On the other hand, gender-related issues such as female doctors being treated with low respect by the staff members, and patients preferring male doctors to female doctors for treatment regardless of the levels of expertise, were reported by eight doctors.
Slightly less than 1 in 10 doctors (9%) reported having faced difficulties continually during their 2-year posting. Some of the reasons reported behind such difficulties were discrimination by the community based on the doctor’s ethnicity, and lack of security. If complications arose in some cases, doctors were blamed for the complications by the patient’s relatives, which posed security risks to the doctors. As a result of such threats and lack of security, some doctors reported feeling vulnerable in their working areas.
Response from the community
In terms of response from the community to the newly- assigned doctors, 48% of respondents felt that the local communities were kind and welcoming right from the beginning of their posting and the doctors did not feel any kind of difficulty related to the community in their work.
A total of 44% of the respondents initially felt that there were problems of recognition and the response from the community was not very positive but, with time, the response became excellent. The respondents felt that local people initially believed the newly assigned doctors were mere learners with poor knowledge and skills on treatment. As a result, the local people doubted the treatment of the new doctors:
People were a bit skeptical towards a new doctor in the beginning. However, after continuous interactions, counseling and treatment, they were found to be comfortable with the doctor, and satisfied with the service.
However, this experience was not shared by all young doctors and it varied with the locations they were posted to. For example, many communities in the semi-urban areas preferred experienced doctors and expected medical treatments that were on par with the service quality of specialized tertiary centers. Continual unfavorable treatment by the community throughout their service period was reported by about 1 in 10 doctors (9%):
People doubt young and newly appointed doctors. There have been several instances when patients came and asked who the senior-most doctor in the center was, and when they saw a young doctor, they showed hesitation in consulting the doctor.
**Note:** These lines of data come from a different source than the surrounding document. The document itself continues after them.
Lemma split_is_FQST :
  (forall u, (u <= NN)%nat -> pos n z zBS T u <> x) -> is_FQST n z zBS T'.
Proof.
  intros Hx. pose proof HT as [Hinj [Hpar [Hreach [Hflow [Hsrc [Hst Hsink]]]]]].
  assert (HnN : (n <= NN)%nat) by (unfold sinkIdx; lia).
  unfold is_FQST; rewrite !split_sink; cbn [par flow T'].
  split; [|split; [|split; [|split; [|split; [|split]]]]].
  - intros u w Hu Hw E. rewrite !split_pos in E by assumption.
    destruct (Nat.eqb_spec u NN) as [->|]; destruct (Nat.eqb_spec w NN) as [->|]; auto.
    + exfalso. apply (Hx (if w =? S NN then NN else w)); [decide_eqb; lia | auto].
    + exfalso. apply (Hx (if u =? S NN then NN else u)); [decide_eqb; lia | auto].
    + apply Hinj in E; [revert E; decide_eqb; lia | decide_eqb; lia | decide_eqb; lia].
  - intros u Hu. destruct (Nat.eqb_spec u NN) as [->|]; [rewrite split_par_sink; lia|].
    destruct (split_par_cases u ltac:(lia)) as [[_ ->] | [[_ [_ [_ ->]]] | [_ [_ [_ ->]]]]];
      [lia | lia|].
    destruct (Hpar u ltac:(lia)); lia.
  - intros u Hu. destruct (Nat.eqb_spec u NN) as [->|].
    + destruct (Hreach v Hv) as [k Hk]. destruct (split_reaches_sink k v Hv Hk) as [k' Hk'].
      exists (S k'). rewrite Nat.iter_succ_r, split_par_sink. exact Hk'.
    + destruct (Hreach u ltac:(lia)) as [k Hk]. apply (split_reaches_sink k); [lia | exact Hk].
  - intros u Hu. unfold split_flow. destruct (Nat.eqb_spec u NN).
    + pose proof (Hflow c1 Hc1); pose proof (Hflow c2 Hc2); lra.
    + apply Hflow; lia.
  - intros u Hu. rewrite split_flow_old, split_inflow by lia.
    decide_eqb; try lia. apply Hsrc; assumption.
  - intros u Hu. rewrite split_inflow. unfold split_flow.
    decide_eqb; try lia; [reflexivity | apply Hst; lia].
  - rewrite split_inflow. decide_eqb; try lia. exact Hsink.
Qed.
Lemma split_cost :
  cost n z zBS T' = cost n z zBS T
  + flow T c1 * (sqdist (pos n z zBS T c1) x - sqdist (pos n z zBS T c1) (pos n z zBS T v))
  + flow T c2 * (sqdist (pos n z zBS T c2) x - sqdist (pos n z zBS T c2) (pos n z zBS T v))
  + (flow T c1 + flow T c2) * sqdist x (pos n z zBS T v).
Proof.
  set (P := pos n z zBS T).
  set (g := fun u => flow T u * (sqdist (P u) x - sqdist (P u) (P v))).
  change (cost n z zBS T') with (Rsum (seq 0 (sinkIdx n T'))
    (fun u => split_flow u * sqdist (pos n z zBS T' u) (pos n z zBS T' (split_par u)))).
  change (cost n z zBS T) with
    (Rsum (seq 0 NN) (fun u => flow T u * sqdist (P u) (P (par T u)))).
  rewrite split_sink, seq_S, Rsum_app, Rsum_one, Nat.add_0_l, split_par_sink.
  rewrite (split_pos NN), (split_pos v), Nat.eqb_refl by lia.
  unfold split_flow at 2; rewrite Nat.eqb_refl.
  rewrite (Rsum_ext_seq NN _ (fun u => flow T u * sqdist (P u) (P (par T u))
             + (if u =? c1 then g u else 0) + (if u =? c2 then g u else 0))).
  - rewrite !Rsum_plus, !Rsum_delta_seq by assumption. unfold g.
    destruct (Nat.eqb_spec v NN); [lia|]. destruct (Nat.eqb_spec v (S NN)); [lia|].
    fold P; lra.
  - intros u Hu. rewrite split_flow_old, (split_pos u) by lia.
    destruct (split_par_cases u Hu) as [[[-> | ->] ->] | [[? [? [E ->]]] | [? [? [E ->]]]]];
      rewrite ?split_pos by lia; unfold g; rewrite ?Hp1, ?Hp2, ?E; decide_eqb;
      try lia; fold P; lra.
Qed.
End Splitting.

Theorem mainTheorem8 (n : nat) (z : nat -> point) (zBS : point)
  (Hn : (1 <= n)%nat)
  (Hz : forall i j, (i < n)%nat -> (j < n)%nat -> z i = z j -> i = j)
  (Hbs : forall i, (i < n)%nat -> z i <> zBS)
  (T : FQST) (HT : is_MFQST n z zBS 3 T) :
  forall v, (n <= v < sinkIdx n T)%nat -> degree n T v = 3%nat.
Proof.
  intros v Hv. destruct HT as [HF [Hdeg Hmin]].
  destruct (Nat.eq_dec (degree n T v) 3) as [|Hne]; [assumption | exfalso].
  assert (Hcnt : (3 <= length (children n T v))%nat)
    by (specialize (Hdeg v Hv); unfold degree in *; lia).
  assert (Hv' : (v < sinkIdx n T)%nat) by lia.
  destruct (two_children_with_pull n z zBS T v HF Hv' Hcnt)
    as (c1 & c2 & Hc1 & Hc2 & Hp1 & Hp2 & H12 & Hw).
  set (P := pos n z zBS T) in *.
  assert (Hsep : forall u, (u <= sinkIdx n T)%nat -> u <> v -> P u <> P v)
    by (intros u Hu Huv E; apply Huv; destruct HF as [Hinj _]; apply Hinj; [lia | lia | exact E]).
  assert (HF12 : 0 < flow T c1 + flow T c2)
    by (destruct HF as [_ [_ [_ [Hflow _]]]]; pose proof (Hflow c1 Hc1);
        pose proof (Hflow c2 Hc2); lra).
  destruct (fresh_shift P (sinkIdx n T) v _ _ Hsep Hw HF12) as (t & Ht & HtF & Hfresh).
  set (x := shift (P v) t (pull (flow T c1) (flow T c2) (P c1) (P c2) (P v))) in *.
  pose proof (Hmin _ (split_is_FQST n z zBS T v c1 c2 x HF Hv' Hc1 Hc2 Hp1 Hp2 H12 Hfresh)
                 (split_steiner_degree n z zBS T v c1 c2 x HF Hv' Hc1 Hc2 Hp1 Hp2 H12 Hdeg Hcnt))
    as Hle.
  rewrite (split_cost n z zBS T v c1 c2 x HF Hv' Hc1 Hc2 Hp1 Hp2 H12) in Hle.
  pose proof (detour_saves (flow T c1) (flow T c2) (P c1) (P c2) (P v) t Hw Ht HtF).
  fold x in H; unfold P in H; lra.
Qed.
Motivating factors in rural service
One of the primary motivating factors stated by most doctors while working in the rural areas under the bonding service program was they felt they were really serving the needy and underserved people, who were deprived of modern medical facilities, services and had poor levels of awareness.
One of the respondents exclaimed:
I realized that I had the ability to treat the patients suffering from health problems who were otherwise not able to seek solutions to their woes. It motivated me to be aware of the most needy people, about their life conditions, and make them disease free. This power to help them survive and bring smile on their faces after they got their treatment after 1 or 2 days of journey to the health centre completely on foot gave me a feeling of satisfaction and happiness.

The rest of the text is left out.